# What could be causing noisy pH measurements?

I designed and built a hydroponics system with pH logging and I am trying to understand why pH measurements in the nutrient reservoir vary ~ ±0.2 pH while measurements in a separate bottle of probe storage solution only vary ~ ±0.01 pH. The nutrient solution is in a 3.5 gallon plastic pail, as shown below. The pH probe is the one with a blue top. The black probe measures EC and removing it has no effect on the pH noise in the reservoir.

The plot below shows the logged pH. The abrupt change is when the probe is moved from the nutrient solution to the storage solution. Note the relatively large noise in the nutrient reservoir and the nearly imperceptible noise in the storage solution.

In the plot,the pH is measured every 5 minutes at the start of a spray cycle, when the pump is off and has not been running for the last ~4.5 minutes. Note that similar noise occurs when measuring at a rate of 1 Hz. During the storage solution measurements, the probe tip is in a separate O-ring sealed bottle. The bottle is sitting at the spot where the pH probe would normally be inserted into the reservoir.

What are potential causes of the pH noise in the nutrient solution?
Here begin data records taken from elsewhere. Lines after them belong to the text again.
Lemma compatible_setU G A B XA XB : A `<=` ~` B -> XA `<=` A -> XB `<=` B ->
  (forall e, side G e `<=` A -> side G e `<=` XA \/ side G e `<=` ~` XA) ->
  (forall e, side G e `<=` B -> side G e `<=` XB \/ side G e `<=` ~` XB) ->
  inside G A \/ inside G (~` A) -> inside G B \/ inside G (~` B) ->
  ~ (exists c, A `<=` side G c /\ B `<=` ~` side G c) ->
  compatible G (XA `|` XB).
Proof.
move=> AB XAA XBB lamA lamB [GA|[c GA]].
  by move=> *; apply: (compatible_setU_inside XAA _ lamA GA) => x /XBB; apply: subsetCr.
move=> [GB|[d GB]] nsep.
  by rewrite setUC; apply: (compatible_setU_inside XBB _ lamB GB) => x /XAA /AB.
case: (side_cases G c d) GB => -> GB.
  by apply/compatibleP; exists c, false => x Gx [/XAA|/XBB]; [apply: GA|apply: GB].
exfalso; apply: nsep; exists (~~ c); rewrite sideN setCK.
by split; [apply: subsetCr | rewrite -setCS].
Qed.

Section InnerClopen.
Variables (I : finType) (g : I -> set T).
Hypothesis td : totally_disconnected [set: T].
Hypothesis g_nonperipheral : forall i, nonperipheral (g i).
Hypothesis g_compatible : forall i j, compatible (g i) (g j).

Lemma exists_inner_clopen A : clopen A -> two_points A -> ~` A !=set0 ->
  (forall i b, side (g i) b <> A) ->
  exists2 X, clopen X & [/\ X `<=` A, X !=set0, A `\` X !=set0 &
    forall i b, side (g i) b `<=` A -> side (g i) b `<=` X \/ side (g i) b `<=` ~` X].
Proof.
move=> cA A2 [z nAz] gA.
have [[[i0 b0] A0]|noside] := pselect (exists p : I * bool, side (g p.1) p.2 `<=` A); last first.
  have [X cX [XA X0 AX]] := clopen_split td cA A2; exists X => //; split => // i b iA.
  by exfalso; apply: noside; exists (i, b).
have [[i e] XA maxX] := exists_maximal
  (P := fun p => `[< side (g p.1) p.2 `<=` A >])
  (R := fun p q => side (g p.1) p.2 `<=` side (g q.1) q.2)
  (fun _ _ => id) (fun _ _ _ pq qr x => qr x \o pq x) (asboolT A0).
move/asboolP: XA => /= XA.
have [cX X2 _] := nonperipheral_side e (g_nonperipheral i).
exists (side (g i) e) => //; split => //.
- exact: two_points_nonempty.
- apply: contrapT => AX0; apply: (gA i e); apply/seteqP; split => // x Ax.
  by apply: contrapT => nXx; apply: AX0; exists x.
- move=> j d jA; case: (compatible_sides d e (@g_compatible j i)) => [|||Xj]; [by left|by right| |].
    by move=> jCX; exfalso; apply: nAz; have [/jA|/jCX/XA] := pselect (side (g j) d z).
  by left; apply: (maxX (j, d)) => //; apply/asboolP.
Qed.

Lemma exists_crossing_cut W W' : nonperipheral W -> nonperipheral W' ->
  (forall i, compatible (g i) W /\ ~ same_cut (g i) W) ->
  (forall i, compatible (g i) W' /\ ~ same_cut (g i) W') ->
  compatible W W' -> ~ (exists i, separates (g i) W W') ->
  exists X, [/\ nonperipheral X, forall i, compatible (g i) X, crosses W X & crosses W' X].
Proof.
move=> npW npW' gW gW' /compatibleP[a [b WW']] nsep.
set A := side W a; set B := side W' (~~ b).
have AB : A `<=` ~` B by rewrite /B sideN setCK.
have inner U c : nonperipheral U -> (forall i, ~ same_cut (g i) U) ->
    exists2 X, clopen X & [/\ X `<=` side U c, X !=set0, side U c `\` X !=set0 &
      forall i e, side (g i) e `<=` side U c -> side (g i) e `<=` X \/ side (g i) e `<=` ~` X].
  move=> npU gU; have [cUc Uc2 UcC2] := nonperipheral_side c npU.
  apply: exists_inner_clopen => // [|i e E]; first exact: two_points_nonempty.
  exact/(gU i)/(same_cut_side E).
have [XA cXA [XAA XA0 AXA lamA]] := inner W a npW (fun i => (gW i).2).
have [XB cXB [XBB XB0 BXB lamB]] := inner W' (~~ b) npW' (fun i => (gW' i).2).
have BA : B `<=` ~` A by apply: subsetCr.
have crossA : crosses A (XA `|` XB).
  apply: crosses_setU => //; first by move=> x /XBB /BA.
  by case: BXB => x [Bx nXBx]; exists x; split => //; apply: BA.
have crossB : crosses B (XA `|` XB).
  rewrite setUC; apply: crosses_setU => //; first by move=> x /XAA /AB.
  by case: AXA => x [Ax nXAx]; exists x; split => //; apply: AB.
exists (XA `|` XB); split.
- exact: (crosses_nonperipheral (clopenU cXA cXB) crossA).
- move=> i; apply: (compatible_setU AB XAA XBB (lamA i) (lamB i)).
  + exact: compatible_inside (compatibleC (gW i).1).
  + exact: compatible_inside (compatibleC (gW' i).1).
  + by move=> [c [AG BG]]; apply: nsep; exists i, c; split; [exists a|exists (~~ b)].
- by rewrite -(crosses_sidel _ _ a).
- by rewrite -(crosses_sidel _ _ (~~ b)).
Qed.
• First of all, very cool project - I've bookmarked your page! For sources of error, you might be seeing ambient carbon dioxide levels affecting pH - that's the first thing that comes to mind. Your storage solution is likely buffered, and your nutrient solution less so. Others with more relevant experience with hydroponics will likely get things cleared up. Again, very cool! – Todd Minehardt Jan 2 at 1:30
• Carbon dioxide would be the change of pH rather than noise. Noise might be some vibration including that from near machines (refrigerator, conditioning). Vibration should be less in the storage bottle for this to hold (less volume, different material, different place....). – Alchimista Jan 2 at 10:48

2. Temperature. I've included this one because it is unclear from your post whether you are measuring the actual solution temperature when you calculate pH from EMF, or just assume that the temperature is some constant value. The Nernst equation may be used to estimate the amount of "noise" (i.e. the difference in EMF) one may expect from the temperature fluctuations: $$\Delta E=2.303\frac{R\Delta T}{F}pH$$. That is, if we can neglect the temperature dependence of pH itself, i.e. when $$\Delta T$$ is relatively small (when $$\Delta T$$ is large we can no longer neglect the temperature dependences of equilibrium constants). If, for some reason, the daily temperature change in the nutrient bath is different than that in the storage solution, you may expect to get slightly different readings.
3. Math. We should not forget that the value measured (pH) is logarithmic, and that it is the concentration (well, activity) of protons that makes the difference. For example, to change pH from 6.45 to 6.05 (±0.2), you need to add just around $$5.4\cdot 10^{-7}$$ mol/l of protons, but to change it from 4.26 to 4.24 (±0.01) - $$2.6\cdot 10^{-6}$$, or almost 5 times as much. In other words, the same actual $$[\textrm{H}^{+}]$$ fluctuations cause different pH changes around different pH values. In turn, these $$[\textrm{H}^{+}]$$ fluctuations may be due to slight inhomogeneities of the nutrient solution, differences in dissolved carbon dioxide concentration, etc. The more neutral your solution is, the more sensitive, with respect to $$\Delta [\textrm{H}^{+}]$$, your pH electrode becomes. In this regard, you may want to prepare a few solutions with different pH and try to investigate the noise vs. pH dependence. Or do something even more simple - as a reference system, instead of the storage solution (which, in addition, probably possesses some buffer characteristics), try to use something more neutral, like water, and see if the noise is as large as in the nutrient solution.